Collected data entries
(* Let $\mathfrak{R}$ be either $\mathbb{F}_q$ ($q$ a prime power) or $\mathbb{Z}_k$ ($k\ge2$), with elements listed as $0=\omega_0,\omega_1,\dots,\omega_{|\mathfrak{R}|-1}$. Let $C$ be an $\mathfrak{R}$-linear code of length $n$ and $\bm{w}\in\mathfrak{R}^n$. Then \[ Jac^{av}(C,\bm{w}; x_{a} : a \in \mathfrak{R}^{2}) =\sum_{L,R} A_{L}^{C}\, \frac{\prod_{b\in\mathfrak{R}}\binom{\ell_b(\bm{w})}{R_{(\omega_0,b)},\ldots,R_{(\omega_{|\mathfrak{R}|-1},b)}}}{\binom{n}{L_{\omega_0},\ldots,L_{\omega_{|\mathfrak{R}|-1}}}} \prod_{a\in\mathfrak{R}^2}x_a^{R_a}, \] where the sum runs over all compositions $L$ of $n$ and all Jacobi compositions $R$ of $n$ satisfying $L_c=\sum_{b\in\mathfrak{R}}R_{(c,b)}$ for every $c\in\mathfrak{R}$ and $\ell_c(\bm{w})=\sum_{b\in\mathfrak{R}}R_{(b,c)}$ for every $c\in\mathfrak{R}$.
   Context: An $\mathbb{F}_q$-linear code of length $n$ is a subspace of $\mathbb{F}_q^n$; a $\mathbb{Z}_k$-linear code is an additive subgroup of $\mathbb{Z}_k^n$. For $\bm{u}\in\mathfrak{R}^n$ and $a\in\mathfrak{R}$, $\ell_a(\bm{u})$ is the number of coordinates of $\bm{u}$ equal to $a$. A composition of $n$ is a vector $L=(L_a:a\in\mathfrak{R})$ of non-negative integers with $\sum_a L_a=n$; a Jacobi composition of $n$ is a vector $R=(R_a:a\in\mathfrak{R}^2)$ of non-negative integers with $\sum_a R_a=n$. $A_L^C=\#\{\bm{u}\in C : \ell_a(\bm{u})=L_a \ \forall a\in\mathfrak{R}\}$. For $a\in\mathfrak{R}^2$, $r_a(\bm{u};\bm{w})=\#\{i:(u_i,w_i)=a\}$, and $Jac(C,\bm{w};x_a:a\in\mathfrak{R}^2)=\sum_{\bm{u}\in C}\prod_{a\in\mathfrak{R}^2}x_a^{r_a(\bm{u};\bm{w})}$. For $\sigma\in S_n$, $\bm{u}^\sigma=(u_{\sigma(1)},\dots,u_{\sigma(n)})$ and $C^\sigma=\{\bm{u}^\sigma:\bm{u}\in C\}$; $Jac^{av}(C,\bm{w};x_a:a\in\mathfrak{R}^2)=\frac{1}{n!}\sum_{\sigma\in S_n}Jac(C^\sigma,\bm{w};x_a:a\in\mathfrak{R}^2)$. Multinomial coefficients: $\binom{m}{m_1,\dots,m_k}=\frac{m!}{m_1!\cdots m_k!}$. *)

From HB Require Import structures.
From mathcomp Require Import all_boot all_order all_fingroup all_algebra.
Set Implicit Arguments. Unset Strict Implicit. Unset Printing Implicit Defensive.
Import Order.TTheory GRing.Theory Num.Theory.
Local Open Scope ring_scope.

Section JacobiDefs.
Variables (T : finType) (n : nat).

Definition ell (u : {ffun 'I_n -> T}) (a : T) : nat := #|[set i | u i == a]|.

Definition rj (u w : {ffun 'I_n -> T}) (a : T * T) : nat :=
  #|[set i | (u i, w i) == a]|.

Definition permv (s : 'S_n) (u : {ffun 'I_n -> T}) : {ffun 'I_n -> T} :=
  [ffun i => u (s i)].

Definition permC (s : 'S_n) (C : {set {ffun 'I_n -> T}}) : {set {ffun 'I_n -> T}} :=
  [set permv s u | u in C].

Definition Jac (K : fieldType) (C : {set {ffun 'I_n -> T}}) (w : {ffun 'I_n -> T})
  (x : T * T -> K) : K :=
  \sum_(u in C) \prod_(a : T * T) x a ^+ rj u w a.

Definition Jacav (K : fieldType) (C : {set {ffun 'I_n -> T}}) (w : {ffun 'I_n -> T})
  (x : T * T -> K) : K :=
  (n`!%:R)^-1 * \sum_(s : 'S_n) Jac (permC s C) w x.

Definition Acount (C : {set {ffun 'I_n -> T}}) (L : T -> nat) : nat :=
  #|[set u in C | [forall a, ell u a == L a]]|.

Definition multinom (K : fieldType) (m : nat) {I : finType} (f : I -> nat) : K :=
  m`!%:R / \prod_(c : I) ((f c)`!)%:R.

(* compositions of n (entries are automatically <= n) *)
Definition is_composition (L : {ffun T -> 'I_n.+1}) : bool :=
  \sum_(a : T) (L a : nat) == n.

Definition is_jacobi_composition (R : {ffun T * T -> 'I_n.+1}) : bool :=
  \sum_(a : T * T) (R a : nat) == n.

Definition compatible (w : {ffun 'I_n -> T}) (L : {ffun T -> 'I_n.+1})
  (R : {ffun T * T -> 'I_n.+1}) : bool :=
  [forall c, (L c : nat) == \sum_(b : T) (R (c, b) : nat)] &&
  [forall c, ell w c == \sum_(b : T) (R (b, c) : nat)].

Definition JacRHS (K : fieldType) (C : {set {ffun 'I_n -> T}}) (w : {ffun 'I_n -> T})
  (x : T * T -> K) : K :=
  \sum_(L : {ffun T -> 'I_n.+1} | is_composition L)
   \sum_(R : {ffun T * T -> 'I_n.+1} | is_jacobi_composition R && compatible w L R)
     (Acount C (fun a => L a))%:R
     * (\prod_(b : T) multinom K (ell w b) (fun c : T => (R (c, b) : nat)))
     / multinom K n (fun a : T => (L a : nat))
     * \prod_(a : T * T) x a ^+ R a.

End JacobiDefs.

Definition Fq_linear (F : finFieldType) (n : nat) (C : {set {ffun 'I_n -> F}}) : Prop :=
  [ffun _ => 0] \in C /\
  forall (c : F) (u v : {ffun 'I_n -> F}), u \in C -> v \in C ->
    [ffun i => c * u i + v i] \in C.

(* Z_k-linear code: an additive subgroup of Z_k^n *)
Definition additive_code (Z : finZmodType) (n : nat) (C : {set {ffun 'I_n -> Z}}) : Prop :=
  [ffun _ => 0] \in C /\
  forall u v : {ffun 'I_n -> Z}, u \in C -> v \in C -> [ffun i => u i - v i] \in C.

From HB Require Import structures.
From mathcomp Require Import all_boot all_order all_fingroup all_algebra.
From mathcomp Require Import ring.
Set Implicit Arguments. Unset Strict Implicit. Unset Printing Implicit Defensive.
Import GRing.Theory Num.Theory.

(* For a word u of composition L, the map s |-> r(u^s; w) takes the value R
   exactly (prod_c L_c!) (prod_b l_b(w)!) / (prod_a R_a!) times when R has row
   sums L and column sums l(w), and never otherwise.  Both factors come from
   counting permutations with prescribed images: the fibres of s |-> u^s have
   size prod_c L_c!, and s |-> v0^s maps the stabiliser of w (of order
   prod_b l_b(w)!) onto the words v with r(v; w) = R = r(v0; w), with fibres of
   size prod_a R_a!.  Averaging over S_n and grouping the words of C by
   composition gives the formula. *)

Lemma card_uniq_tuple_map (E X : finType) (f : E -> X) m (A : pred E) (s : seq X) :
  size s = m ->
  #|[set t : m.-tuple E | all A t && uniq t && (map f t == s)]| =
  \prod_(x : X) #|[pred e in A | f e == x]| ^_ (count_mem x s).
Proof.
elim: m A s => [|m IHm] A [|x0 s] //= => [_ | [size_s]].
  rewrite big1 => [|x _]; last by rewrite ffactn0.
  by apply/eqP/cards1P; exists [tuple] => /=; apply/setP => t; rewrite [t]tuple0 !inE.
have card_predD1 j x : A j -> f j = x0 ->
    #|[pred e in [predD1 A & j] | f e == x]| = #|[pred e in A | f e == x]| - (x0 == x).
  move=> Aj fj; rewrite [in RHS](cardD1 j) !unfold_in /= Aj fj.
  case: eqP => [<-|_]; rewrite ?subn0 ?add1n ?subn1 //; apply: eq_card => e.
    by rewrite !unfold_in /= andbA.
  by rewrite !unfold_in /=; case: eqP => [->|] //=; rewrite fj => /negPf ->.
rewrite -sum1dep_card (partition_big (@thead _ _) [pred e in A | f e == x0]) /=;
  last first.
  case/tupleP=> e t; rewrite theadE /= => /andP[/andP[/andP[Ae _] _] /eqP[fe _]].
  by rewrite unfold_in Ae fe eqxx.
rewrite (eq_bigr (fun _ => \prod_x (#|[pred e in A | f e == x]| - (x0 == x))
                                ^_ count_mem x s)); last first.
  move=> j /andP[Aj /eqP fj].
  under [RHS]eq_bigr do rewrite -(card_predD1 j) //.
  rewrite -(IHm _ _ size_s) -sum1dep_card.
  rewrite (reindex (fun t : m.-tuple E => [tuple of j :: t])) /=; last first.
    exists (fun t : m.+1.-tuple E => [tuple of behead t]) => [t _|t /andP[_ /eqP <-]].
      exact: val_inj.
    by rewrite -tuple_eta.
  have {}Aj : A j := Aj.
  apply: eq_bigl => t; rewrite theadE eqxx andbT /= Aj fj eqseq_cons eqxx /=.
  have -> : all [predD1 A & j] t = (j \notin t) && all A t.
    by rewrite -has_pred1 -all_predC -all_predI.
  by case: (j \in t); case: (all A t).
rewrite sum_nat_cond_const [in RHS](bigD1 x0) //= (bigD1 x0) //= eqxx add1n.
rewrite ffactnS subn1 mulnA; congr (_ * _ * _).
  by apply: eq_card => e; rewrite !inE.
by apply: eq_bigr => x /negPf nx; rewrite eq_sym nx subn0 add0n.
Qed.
==
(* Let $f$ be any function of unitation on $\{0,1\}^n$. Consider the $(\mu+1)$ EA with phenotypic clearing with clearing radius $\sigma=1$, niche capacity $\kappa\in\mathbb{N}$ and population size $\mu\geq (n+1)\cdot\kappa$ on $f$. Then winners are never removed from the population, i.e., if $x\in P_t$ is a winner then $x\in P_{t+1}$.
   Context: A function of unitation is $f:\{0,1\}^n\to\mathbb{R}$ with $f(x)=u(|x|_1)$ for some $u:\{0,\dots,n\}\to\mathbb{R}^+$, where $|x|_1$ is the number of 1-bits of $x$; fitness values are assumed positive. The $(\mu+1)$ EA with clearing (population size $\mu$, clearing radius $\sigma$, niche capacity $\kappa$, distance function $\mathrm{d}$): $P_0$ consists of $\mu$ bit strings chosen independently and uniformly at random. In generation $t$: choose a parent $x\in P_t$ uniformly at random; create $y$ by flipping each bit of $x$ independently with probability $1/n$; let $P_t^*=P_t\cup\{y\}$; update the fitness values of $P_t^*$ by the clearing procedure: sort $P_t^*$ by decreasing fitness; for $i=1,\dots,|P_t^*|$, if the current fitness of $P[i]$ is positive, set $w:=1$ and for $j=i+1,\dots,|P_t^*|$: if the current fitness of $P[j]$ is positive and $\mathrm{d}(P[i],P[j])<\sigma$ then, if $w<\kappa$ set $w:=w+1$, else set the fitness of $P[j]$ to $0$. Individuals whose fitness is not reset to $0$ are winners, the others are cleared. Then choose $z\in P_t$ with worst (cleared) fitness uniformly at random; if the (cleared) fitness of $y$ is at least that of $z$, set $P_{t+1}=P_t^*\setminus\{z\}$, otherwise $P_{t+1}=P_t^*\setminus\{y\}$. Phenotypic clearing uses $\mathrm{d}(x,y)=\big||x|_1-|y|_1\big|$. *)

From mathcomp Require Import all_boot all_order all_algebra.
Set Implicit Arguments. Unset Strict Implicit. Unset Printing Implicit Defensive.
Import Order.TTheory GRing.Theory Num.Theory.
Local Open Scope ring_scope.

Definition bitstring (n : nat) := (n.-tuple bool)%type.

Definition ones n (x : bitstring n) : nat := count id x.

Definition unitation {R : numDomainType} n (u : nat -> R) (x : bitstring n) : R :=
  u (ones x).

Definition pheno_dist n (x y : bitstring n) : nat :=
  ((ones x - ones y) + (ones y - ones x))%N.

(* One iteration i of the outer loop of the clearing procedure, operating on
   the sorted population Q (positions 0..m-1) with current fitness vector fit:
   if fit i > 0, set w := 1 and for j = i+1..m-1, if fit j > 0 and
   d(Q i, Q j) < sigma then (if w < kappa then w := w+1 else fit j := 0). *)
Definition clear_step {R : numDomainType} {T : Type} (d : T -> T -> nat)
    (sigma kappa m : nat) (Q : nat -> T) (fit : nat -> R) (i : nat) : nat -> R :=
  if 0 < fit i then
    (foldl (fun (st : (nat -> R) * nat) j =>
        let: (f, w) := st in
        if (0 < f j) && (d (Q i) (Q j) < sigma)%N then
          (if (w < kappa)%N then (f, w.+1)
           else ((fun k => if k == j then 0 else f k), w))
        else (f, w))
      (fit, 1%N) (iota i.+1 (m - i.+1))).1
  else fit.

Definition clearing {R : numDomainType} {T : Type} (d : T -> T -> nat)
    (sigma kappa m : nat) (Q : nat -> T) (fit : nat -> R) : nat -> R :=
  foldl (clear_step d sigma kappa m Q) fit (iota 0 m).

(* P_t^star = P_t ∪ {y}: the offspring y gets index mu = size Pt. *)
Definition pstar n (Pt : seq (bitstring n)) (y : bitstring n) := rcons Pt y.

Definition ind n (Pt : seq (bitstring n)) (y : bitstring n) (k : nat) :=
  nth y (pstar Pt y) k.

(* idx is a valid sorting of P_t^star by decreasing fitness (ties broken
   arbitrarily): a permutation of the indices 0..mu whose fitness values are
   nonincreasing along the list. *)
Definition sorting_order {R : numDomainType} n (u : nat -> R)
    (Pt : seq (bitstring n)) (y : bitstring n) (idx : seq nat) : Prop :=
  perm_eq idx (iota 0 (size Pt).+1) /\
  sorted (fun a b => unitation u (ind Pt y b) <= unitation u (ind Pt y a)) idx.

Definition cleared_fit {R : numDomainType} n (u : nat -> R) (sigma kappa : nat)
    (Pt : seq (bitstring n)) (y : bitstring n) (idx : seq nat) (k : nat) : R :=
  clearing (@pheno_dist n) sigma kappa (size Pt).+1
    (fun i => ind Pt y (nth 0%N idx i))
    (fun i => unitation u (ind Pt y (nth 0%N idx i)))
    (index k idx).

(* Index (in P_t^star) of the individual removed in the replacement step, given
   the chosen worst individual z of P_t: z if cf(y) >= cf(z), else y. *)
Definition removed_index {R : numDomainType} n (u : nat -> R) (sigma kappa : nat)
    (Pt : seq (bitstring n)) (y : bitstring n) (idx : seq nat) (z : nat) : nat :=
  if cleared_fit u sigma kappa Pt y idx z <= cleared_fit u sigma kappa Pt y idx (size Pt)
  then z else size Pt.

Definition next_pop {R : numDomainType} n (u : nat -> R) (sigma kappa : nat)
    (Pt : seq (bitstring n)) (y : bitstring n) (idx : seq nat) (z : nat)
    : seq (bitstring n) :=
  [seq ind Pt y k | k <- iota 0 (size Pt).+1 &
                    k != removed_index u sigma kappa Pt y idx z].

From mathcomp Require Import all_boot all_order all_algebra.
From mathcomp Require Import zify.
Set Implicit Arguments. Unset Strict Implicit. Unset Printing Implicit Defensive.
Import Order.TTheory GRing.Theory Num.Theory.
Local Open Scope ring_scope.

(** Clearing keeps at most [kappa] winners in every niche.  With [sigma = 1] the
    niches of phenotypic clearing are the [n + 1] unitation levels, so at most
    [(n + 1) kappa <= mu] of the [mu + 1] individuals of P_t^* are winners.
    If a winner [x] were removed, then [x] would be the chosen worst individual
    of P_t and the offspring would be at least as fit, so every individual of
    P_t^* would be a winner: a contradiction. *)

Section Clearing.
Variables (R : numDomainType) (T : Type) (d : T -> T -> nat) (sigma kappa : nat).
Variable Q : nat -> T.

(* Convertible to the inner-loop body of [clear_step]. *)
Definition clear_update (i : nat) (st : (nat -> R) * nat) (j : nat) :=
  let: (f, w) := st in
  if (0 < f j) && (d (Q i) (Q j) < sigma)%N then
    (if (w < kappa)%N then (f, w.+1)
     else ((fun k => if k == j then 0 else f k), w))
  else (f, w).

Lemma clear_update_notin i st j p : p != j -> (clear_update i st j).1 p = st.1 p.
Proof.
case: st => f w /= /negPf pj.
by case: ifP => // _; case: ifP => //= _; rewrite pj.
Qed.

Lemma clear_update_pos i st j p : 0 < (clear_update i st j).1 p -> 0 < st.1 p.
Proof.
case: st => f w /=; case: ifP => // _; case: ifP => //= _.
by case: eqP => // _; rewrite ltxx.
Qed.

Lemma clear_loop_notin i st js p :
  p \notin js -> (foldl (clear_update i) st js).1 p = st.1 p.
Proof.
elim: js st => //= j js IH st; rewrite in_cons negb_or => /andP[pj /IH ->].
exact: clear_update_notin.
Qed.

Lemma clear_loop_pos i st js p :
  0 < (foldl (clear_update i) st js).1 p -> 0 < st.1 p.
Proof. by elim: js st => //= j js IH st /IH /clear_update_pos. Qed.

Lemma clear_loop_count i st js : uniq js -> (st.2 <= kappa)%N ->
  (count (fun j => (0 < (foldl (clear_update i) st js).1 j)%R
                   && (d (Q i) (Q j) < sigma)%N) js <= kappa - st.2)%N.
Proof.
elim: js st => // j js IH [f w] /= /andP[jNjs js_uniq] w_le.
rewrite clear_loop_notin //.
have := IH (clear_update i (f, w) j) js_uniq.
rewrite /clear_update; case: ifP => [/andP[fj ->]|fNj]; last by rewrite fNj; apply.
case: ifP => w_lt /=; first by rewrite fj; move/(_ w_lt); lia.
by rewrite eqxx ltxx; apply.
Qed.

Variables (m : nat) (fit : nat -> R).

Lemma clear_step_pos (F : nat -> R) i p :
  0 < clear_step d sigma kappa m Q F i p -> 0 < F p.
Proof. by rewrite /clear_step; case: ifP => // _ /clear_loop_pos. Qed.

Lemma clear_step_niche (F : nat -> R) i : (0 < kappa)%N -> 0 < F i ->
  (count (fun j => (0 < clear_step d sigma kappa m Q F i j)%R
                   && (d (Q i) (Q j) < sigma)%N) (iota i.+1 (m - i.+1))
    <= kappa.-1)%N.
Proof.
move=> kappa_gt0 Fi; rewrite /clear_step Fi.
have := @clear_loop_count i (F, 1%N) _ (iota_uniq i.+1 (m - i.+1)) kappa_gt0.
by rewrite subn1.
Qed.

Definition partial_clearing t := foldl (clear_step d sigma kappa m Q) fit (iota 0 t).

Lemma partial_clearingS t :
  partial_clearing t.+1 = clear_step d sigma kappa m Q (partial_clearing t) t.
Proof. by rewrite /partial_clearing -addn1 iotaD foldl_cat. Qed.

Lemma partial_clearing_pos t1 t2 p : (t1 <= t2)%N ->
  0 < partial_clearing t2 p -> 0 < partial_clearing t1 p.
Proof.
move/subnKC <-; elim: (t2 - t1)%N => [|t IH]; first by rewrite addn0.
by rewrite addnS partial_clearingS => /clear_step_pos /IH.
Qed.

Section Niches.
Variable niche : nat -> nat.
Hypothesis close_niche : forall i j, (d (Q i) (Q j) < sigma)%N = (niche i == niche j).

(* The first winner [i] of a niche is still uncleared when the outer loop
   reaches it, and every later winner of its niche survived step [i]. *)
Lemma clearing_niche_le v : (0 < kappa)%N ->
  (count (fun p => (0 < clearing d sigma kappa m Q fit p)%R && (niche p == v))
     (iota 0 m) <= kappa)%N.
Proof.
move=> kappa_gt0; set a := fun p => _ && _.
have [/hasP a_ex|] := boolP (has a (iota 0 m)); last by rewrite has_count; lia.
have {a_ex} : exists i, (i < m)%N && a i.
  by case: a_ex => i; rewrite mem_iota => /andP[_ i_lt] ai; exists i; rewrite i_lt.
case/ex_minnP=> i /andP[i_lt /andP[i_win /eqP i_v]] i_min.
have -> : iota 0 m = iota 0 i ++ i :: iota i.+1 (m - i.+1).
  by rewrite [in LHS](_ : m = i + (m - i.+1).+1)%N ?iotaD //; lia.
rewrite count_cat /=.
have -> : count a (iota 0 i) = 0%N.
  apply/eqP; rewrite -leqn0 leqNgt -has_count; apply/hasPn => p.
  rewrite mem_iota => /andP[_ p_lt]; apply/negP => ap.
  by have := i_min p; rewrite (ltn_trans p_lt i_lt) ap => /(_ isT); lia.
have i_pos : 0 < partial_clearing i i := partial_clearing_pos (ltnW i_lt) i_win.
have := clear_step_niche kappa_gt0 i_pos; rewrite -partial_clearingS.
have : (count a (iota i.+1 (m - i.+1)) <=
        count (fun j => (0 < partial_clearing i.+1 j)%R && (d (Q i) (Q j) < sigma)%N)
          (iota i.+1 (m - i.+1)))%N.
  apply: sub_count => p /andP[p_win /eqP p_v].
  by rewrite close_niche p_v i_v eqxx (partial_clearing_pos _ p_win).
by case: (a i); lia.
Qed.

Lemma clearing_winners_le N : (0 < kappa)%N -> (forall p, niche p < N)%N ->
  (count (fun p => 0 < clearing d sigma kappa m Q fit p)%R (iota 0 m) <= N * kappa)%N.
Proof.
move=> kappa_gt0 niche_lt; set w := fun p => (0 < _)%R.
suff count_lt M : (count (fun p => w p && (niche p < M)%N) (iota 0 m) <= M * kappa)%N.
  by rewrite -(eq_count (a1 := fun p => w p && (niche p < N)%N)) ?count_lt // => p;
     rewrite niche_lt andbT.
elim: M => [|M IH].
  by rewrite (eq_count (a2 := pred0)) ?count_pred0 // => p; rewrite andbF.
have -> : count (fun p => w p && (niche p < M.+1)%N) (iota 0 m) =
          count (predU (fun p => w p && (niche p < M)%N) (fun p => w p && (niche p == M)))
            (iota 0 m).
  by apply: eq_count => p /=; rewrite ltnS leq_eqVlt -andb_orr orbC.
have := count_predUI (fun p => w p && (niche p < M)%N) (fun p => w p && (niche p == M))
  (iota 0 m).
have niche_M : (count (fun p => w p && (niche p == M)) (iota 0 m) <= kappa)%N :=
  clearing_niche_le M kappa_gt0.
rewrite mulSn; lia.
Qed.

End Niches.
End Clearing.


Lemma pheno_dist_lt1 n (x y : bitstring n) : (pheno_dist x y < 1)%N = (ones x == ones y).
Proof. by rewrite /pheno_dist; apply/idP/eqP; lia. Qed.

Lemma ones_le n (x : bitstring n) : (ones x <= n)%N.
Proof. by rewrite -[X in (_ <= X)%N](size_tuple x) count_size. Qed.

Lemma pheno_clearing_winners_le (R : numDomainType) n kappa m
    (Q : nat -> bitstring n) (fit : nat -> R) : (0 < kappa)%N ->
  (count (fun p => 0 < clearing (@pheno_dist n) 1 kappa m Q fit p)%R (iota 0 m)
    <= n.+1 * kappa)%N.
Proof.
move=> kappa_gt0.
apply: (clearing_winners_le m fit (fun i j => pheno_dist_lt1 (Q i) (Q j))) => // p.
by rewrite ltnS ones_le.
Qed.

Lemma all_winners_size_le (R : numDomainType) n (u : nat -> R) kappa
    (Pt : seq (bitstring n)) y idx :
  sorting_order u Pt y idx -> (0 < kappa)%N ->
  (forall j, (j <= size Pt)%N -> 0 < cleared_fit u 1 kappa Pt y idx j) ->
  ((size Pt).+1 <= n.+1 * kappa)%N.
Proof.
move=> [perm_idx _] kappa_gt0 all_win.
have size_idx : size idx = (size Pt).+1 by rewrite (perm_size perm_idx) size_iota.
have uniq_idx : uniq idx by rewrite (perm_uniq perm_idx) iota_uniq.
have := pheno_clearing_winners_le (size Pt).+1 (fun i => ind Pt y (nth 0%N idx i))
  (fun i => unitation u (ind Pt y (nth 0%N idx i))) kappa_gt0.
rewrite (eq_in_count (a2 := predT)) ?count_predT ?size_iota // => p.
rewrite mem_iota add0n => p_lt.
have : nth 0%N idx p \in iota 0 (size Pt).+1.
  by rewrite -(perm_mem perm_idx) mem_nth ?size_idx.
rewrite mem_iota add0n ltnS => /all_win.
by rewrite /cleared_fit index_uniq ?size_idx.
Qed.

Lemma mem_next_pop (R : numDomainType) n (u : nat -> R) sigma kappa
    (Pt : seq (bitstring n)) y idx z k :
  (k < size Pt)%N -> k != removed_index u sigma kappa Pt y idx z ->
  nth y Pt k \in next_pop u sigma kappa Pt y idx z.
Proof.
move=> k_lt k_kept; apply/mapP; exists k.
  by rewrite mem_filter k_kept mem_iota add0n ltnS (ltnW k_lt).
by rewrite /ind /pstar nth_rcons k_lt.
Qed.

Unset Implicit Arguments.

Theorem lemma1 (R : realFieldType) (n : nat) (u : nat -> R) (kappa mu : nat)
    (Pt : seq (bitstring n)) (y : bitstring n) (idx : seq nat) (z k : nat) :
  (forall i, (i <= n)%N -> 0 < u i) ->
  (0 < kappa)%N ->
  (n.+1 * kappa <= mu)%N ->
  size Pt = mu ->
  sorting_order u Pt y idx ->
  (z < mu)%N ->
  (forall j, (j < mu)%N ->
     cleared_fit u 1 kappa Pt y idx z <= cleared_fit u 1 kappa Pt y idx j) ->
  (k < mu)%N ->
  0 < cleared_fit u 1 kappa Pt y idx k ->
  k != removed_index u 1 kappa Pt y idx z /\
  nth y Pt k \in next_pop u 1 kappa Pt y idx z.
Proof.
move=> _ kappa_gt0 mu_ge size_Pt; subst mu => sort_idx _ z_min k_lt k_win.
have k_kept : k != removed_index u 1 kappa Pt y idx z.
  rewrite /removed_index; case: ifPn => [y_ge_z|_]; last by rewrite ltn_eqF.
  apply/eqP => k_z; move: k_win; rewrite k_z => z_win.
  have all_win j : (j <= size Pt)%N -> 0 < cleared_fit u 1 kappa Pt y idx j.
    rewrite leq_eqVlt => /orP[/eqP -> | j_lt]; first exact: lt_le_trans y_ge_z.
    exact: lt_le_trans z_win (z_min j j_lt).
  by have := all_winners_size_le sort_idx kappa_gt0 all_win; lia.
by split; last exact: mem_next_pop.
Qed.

• _Exercise prompt_:
In the data above, find the line with "rewrite niche_lt andbT." and the line with "(count (fun p => 0 < clearing (@pheno_dist". Retype both, plus every line between them, exactly.

• _Output for this task_:
     rewrite niche_lt andbT.
elim: M => [|M IH].
  by rewrite (eq_count (a2 := pred0)) ?count_pred0 // => p; rewrite andbF.
have -> : count (fun p => w p && (niche p < M.+1)%N) (iota 0 m) =
          count (predU (fun p => w p && (niche p < M)%N) (fun p => w p && (niche p == M)))
            (iota 0 m).
  by apply: eq_count => p /=; rewrite ltnS leq_eqVlt -andb_orr orbC.
have := count_predUI (fun p => w p && (niche p < M)%N) (fun p => w p && (niche p == M))
  (iota 0 m).
have niche_M : (count (fun p => w p && (niche p == M)) (iota 0 m) <= kappa)%N :=
  clearing_niche_le M kappa_gt0.
rewrite mulSn; lia.
Qed.

End Niches.
End Clearing.


Lemma pheno_dist_lt1 n (x y : bitstring n) : (pheno_dist x y < 1)%N = (ones x == ones y).
Proof. by rewrite /pheno_dist; apply/idP/eqP; lia. Qed.

Lemma ones_le n (x : bitstring n) : (ones x <= n)%N.
Proof. by rewrite -[X in (_ <= X)%N](size_tuple x) count_size. Qed.

Lemma pheno_clearing_winners_le (R : numDomainType) n kappa m
    (Q : nat -> bitstring n) (fit : nat -> R) : (0 < kappa)%N ->
  (count (fun p => 0 < clearing (@pheno_dist n) 1 kappa m Q fit p)%R (iota 0 m)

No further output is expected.